» **Data**:

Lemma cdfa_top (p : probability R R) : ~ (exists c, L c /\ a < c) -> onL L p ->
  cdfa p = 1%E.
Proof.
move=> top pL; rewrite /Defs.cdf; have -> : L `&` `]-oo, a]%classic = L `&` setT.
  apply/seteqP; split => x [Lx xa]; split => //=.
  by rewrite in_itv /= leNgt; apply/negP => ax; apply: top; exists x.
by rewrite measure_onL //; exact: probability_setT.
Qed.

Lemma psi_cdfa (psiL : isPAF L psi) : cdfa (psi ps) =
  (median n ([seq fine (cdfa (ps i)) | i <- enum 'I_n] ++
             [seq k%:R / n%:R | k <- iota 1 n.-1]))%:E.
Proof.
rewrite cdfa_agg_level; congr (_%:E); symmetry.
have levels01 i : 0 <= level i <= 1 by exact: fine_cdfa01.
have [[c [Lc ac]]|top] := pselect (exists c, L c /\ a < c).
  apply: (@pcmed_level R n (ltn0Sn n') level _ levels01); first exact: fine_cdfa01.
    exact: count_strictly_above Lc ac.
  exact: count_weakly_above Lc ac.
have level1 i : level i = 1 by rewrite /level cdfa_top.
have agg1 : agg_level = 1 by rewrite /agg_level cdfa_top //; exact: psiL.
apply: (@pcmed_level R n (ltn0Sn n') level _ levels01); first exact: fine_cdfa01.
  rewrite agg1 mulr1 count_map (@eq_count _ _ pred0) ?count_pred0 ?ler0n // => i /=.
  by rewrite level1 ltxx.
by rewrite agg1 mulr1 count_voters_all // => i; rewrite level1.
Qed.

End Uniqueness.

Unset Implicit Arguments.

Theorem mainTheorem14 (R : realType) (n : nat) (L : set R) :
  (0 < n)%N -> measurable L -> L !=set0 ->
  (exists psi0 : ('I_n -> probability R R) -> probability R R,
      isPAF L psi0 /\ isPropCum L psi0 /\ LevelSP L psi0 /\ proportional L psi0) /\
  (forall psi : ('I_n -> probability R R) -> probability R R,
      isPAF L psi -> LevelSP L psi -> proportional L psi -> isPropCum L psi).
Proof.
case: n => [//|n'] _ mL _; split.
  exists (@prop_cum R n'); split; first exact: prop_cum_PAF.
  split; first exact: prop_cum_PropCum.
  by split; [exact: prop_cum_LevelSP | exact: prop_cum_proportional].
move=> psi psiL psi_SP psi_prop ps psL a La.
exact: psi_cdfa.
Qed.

...

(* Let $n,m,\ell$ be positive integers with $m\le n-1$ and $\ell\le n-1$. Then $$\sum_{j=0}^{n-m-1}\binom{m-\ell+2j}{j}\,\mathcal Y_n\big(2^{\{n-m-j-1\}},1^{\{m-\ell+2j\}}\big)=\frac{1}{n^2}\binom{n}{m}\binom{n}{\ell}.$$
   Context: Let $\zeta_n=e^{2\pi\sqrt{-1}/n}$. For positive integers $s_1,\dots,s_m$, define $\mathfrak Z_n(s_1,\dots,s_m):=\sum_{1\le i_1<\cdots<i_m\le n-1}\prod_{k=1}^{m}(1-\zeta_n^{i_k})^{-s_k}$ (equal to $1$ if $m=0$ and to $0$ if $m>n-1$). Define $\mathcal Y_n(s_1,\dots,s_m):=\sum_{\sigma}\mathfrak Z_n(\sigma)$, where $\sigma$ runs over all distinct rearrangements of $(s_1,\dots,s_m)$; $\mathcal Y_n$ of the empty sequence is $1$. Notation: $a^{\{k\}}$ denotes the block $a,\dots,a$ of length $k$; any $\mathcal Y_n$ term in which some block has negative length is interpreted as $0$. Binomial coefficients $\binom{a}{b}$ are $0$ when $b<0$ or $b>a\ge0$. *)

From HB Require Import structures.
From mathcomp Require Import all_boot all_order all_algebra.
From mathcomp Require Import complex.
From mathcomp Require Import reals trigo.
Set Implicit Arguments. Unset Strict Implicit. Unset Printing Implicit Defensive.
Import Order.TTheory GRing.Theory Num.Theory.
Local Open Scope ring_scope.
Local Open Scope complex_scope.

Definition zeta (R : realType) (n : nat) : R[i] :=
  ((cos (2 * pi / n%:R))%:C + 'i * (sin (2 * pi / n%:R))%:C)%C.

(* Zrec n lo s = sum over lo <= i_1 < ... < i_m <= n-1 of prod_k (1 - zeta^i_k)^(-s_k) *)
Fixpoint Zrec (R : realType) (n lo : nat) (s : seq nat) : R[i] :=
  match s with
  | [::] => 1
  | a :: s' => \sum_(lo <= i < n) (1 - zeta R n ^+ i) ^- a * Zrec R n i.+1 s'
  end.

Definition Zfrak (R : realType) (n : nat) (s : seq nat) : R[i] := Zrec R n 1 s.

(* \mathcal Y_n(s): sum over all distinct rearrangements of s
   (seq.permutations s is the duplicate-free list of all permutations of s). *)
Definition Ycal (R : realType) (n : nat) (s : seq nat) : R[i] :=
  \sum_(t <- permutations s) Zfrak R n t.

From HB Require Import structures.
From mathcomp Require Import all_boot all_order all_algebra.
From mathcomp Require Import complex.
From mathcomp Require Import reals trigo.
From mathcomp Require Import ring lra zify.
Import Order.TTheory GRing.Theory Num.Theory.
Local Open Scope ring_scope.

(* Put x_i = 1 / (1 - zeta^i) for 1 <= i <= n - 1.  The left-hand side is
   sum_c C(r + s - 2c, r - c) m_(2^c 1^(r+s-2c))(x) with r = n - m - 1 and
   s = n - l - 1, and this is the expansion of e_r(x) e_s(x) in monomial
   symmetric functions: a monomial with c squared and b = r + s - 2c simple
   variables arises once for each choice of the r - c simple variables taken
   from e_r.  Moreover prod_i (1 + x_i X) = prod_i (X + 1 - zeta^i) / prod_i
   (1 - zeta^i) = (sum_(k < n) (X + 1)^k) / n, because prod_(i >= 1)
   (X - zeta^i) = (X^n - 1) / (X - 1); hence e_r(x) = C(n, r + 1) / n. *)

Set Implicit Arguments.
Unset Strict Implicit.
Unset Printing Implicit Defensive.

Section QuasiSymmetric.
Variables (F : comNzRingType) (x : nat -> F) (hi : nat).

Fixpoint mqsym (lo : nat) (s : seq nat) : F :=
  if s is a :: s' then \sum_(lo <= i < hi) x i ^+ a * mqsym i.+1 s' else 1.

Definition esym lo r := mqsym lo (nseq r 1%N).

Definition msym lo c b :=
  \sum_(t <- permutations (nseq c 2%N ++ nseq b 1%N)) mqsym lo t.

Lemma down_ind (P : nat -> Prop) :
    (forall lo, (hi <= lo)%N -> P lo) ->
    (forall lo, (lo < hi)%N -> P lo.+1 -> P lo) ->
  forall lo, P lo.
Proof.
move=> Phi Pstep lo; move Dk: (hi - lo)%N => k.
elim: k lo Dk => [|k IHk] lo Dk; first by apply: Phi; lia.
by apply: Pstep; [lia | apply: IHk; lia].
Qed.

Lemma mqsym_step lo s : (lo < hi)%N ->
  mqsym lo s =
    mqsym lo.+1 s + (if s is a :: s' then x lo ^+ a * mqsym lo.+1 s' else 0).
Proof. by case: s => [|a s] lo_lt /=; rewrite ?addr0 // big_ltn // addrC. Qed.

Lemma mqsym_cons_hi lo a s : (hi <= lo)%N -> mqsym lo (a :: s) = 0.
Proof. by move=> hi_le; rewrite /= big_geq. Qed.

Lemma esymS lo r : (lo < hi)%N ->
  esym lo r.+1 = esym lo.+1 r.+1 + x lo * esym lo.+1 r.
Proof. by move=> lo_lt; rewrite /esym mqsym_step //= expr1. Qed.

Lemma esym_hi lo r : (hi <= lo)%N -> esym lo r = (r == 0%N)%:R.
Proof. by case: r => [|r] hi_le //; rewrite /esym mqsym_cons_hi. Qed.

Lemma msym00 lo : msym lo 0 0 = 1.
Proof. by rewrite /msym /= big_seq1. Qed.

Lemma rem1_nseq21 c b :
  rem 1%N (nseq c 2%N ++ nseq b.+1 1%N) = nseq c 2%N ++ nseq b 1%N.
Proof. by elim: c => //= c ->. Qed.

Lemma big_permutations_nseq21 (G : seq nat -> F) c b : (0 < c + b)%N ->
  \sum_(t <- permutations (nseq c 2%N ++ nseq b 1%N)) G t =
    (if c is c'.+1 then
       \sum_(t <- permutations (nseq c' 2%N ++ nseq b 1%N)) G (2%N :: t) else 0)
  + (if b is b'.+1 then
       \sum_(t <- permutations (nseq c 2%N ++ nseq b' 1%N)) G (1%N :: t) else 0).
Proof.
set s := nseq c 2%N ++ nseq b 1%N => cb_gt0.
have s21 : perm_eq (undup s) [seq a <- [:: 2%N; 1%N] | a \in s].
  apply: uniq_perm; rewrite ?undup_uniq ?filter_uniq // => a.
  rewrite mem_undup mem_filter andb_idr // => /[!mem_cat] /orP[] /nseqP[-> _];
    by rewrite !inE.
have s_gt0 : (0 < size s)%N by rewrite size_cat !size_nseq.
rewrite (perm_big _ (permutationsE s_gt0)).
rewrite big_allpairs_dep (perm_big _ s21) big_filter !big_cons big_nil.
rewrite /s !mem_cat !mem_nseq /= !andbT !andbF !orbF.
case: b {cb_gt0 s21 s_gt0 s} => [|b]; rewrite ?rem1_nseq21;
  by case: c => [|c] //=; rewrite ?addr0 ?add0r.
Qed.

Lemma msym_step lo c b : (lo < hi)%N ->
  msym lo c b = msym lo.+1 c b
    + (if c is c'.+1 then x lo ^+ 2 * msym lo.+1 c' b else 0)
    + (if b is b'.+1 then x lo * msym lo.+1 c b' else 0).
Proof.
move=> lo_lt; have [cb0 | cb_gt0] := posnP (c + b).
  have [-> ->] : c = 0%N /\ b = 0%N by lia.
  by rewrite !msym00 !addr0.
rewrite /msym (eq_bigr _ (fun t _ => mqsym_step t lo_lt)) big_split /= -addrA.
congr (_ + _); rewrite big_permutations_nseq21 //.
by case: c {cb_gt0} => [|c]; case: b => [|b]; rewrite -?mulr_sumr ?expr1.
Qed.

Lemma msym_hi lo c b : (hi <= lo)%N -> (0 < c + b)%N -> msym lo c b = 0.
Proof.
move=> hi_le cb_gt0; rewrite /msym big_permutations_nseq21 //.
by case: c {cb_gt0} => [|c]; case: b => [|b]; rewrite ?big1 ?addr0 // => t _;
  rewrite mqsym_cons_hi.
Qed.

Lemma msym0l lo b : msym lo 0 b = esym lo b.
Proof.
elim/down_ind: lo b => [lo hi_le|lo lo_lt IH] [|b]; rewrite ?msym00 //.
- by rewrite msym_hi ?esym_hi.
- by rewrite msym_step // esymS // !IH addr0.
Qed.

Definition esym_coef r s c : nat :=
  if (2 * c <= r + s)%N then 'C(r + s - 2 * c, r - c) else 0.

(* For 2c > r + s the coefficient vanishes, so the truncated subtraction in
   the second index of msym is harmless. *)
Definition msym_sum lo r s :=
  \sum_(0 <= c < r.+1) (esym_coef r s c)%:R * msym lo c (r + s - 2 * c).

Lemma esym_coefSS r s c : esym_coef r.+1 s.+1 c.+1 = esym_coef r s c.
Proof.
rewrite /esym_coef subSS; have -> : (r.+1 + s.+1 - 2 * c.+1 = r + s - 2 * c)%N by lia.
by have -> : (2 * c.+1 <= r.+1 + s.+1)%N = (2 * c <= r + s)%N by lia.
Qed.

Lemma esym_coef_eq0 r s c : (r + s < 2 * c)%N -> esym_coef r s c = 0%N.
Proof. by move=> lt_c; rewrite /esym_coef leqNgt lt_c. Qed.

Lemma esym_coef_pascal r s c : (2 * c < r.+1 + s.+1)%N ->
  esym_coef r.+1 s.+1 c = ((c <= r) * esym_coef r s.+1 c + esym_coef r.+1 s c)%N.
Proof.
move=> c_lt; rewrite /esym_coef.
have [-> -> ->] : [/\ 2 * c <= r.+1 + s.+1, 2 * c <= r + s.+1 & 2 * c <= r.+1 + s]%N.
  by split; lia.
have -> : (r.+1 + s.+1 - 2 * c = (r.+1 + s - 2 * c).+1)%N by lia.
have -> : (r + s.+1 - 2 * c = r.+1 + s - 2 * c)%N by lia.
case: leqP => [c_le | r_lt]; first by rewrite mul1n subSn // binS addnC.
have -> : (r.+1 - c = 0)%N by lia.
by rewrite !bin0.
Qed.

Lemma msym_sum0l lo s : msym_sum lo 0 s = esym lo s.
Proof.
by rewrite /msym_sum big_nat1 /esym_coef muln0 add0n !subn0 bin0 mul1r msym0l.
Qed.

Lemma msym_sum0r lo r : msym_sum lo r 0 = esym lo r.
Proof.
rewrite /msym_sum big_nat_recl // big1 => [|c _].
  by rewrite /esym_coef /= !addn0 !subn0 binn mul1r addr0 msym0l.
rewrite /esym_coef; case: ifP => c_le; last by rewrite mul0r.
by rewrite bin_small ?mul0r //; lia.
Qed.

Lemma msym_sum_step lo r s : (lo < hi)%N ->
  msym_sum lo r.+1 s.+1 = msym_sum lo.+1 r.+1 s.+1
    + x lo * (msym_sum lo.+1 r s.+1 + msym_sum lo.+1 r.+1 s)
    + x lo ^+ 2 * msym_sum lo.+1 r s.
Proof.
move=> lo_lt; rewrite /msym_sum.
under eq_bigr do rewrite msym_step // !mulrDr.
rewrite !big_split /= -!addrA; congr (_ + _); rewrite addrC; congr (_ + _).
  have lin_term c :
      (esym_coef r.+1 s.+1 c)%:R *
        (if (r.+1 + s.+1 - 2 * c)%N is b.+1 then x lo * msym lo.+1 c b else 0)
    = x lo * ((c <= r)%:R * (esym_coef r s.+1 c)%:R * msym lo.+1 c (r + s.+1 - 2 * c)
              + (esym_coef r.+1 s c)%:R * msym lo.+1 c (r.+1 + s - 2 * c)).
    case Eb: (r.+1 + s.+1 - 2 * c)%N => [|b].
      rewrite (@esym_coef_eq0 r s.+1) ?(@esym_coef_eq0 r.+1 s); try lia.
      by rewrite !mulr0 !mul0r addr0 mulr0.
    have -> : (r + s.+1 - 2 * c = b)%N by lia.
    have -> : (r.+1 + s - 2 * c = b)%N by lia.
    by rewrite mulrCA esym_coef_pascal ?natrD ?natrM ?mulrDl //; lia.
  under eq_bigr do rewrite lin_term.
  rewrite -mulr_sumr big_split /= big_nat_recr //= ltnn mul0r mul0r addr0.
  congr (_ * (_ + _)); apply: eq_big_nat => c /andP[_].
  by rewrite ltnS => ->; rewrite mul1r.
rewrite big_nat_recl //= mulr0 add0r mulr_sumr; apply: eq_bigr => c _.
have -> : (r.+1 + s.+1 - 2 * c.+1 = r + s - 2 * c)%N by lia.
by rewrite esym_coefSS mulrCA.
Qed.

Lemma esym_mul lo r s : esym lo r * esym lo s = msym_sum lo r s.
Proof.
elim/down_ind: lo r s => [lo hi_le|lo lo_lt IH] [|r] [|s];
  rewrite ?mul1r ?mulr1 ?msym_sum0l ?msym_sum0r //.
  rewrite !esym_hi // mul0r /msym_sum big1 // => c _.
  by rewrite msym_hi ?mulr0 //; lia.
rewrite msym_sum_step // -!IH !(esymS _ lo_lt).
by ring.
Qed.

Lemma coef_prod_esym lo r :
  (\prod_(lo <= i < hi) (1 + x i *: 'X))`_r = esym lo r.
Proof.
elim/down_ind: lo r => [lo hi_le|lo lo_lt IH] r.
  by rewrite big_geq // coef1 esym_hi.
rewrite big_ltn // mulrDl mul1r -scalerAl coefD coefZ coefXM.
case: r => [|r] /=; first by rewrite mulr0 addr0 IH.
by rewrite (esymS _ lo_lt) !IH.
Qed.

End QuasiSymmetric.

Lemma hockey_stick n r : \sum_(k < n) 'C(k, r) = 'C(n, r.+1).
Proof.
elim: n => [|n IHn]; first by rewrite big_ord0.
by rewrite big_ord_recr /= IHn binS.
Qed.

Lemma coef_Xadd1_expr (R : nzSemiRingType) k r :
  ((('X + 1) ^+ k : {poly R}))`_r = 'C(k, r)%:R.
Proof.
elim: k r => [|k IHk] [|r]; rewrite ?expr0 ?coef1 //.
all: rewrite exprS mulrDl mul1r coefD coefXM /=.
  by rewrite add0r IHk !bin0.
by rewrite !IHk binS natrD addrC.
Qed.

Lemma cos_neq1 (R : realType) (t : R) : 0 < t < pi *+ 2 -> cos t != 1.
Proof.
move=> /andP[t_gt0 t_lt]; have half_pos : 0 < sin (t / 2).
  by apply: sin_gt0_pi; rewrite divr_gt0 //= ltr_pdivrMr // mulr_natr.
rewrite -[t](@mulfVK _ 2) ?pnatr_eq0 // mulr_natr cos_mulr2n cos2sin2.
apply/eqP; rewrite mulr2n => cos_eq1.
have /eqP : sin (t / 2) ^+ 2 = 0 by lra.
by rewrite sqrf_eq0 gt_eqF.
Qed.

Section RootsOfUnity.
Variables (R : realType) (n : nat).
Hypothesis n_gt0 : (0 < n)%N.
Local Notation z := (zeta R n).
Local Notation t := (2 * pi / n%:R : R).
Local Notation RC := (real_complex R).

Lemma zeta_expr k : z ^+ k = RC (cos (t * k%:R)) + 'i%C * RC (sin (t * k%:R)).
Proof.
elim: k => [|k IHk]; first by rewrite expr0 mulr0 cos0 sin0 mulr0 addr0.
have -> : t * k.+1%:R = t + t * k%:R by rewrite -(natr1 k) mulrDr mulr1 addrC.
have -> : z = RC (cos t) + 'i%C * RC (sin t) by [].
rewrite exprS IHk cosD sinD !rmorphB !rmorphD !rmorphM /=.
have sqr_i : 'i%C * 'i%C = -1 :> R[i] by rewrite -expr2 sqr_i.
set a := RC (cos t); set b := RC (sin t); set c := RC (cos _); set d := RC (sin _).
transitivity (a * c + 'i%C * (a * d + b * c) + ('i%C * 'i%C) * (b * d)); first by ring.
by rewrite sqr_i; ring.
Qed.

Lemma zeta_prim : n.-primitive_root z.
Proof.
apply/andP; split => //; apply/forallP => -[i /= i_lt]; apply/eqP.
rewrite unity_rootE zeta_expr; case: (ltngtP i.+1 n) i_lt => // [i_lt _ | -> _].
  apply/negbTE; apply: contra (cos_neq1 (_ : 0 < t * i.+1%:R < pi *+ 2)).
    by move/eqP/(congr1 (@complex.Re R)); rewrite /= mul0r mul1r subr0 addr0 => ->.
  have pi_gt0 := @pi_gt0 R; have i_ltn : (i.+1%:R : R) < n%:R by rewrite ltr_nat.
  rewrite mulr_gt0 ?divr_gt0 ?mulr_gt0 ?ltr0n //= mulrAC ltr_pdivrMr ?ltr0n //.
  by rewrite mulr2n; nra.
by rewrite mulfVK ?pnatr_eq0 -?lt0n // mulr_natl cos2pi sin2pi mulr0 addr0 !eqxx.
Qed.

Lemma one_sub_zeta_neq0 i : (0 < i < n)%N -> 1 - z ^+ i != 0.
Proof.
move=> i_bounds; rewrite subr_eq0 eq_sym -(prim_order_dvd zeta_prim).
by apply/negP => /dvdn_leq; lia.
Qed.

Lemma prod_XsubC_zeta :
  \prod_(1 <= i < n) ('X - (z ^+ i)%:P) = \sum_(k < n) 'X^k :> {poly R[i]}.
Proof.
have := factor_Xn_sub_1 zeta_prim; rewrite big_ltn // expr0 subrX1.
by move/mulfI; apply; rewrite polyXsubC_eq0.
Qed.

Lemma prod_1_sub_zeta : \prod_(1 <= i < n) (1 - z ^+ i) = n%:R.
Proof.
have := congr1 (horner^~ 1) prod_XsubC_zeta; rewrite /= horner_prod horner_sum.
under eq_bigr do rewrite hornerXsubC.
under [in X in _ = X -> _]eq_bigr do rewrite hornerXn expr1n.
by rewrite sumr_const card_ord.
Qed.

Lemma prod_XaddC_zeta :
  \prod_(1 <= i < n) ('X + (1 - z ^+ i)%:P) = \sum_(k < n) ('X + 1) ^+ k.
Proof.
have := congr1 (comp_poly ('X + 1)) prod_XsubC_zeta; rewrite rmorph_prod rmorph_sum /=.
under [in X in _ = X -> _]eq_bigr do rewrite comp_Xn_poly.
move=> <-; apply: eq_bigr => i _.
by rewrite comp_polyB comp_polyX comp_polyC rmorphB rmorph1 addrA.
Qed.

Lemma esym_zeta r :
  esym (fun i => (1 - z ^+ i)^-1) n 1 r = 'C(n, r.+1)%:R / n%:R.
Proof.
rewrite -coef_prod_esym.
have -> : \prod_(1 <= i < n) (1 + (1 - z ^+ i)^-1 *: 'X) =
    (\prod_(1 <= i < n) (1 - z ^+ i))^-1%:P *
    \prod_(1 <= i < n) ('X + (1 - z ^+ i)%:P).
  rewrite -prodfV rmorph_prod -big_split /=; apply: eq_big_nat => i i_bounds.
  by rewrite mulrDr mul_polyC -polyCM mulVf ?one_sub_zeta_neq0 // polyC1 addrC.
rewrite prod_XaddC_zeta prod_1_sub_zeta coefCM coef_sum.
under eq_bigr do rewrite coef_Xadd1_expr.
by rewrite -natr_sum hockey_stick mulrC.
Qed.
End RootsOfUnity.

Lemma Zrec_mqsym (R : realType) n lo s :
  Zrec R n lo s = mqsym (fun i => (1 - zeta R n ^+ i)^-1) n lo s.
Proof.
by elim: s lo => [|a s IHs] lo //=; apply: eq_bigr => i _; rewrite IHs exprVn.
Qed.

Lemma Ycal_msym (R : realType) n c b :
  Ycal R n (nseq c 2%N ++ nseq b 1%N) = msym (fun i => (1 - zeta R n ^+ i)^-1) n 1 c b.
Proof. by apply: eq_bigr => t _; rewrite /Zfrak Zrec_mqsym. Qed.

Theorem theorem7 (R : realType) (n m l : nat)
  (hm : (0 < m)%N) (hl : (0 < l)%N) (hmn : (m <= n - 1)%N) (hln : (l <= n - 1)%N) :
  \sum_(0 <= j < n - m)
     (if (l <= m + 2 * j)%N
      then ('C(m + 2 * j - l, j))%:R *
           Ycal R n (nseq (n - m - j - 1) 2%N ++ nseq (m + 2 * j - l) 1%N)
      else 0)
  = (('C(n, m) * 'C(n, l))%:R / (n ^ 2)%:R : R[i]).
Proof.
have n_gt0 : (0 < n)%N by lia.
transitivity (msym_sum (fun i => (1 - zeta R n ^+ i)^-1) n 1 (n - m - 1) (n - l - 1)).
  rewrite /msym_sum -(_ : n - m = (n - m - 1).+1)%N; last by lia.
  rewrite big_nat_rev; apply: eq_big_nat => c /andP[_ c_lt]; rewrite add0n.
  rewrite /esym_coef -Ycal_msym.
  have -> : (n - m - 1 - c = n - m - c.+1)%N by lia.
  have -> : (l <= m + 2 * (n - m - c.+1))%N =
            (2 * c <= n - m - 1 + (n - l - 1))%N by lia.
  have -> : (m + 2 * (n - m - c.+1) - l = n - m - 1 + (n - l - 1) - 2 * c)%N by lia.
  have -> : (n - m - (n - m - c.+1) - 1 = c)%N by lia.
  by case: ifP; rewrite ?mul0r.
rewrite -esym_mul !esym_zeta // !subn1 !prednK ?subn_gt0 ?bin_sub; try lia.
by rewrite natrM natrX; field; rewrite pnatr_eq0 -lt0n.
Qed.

» **Your objective**: Return, with no change at all, every line in the entries above from the line containing "Lemma cdfa_top (p" through the line containing "have [[c [Lc".

» **Exercise solution**:
Lemma cdfa_top (p : probability R R) : ~ (exists c, L c /\ a < c) -> onL L p ->
  cdfa p = 1%E.
Proof.
move=> top pL; rewrite /Defs.cdf; have -> : L `&` `]-oo, a]%classic = L `&` setT.
  apply/seteqP; split => x [Lx xa]; split => //=.
  by rewrite in_itv /= leNgt; apply/negP => ax; apply: top; exists x.
by rewrite measure_onL //; exact: probability_setT.
Qed.

Lemma psi_cdfa (psiL : isPAF L psi) : cdfa (psi ps) =
  (median n ([seq fine (cdfa (ps i)) | i <- enum 'I_n] ++
             [seq k%:R / n%:R | k <- iota 1 n.-1]))%:E.
Proof.
rewrite cdfa_agg_level; congr (_%:E); symmetry.
have levels01 i : 0 <= level i <= 1 by exact: fine_cdfa01.
have [[c [Lc ac]]|top] := pselect (exists c, L c /\ a < c).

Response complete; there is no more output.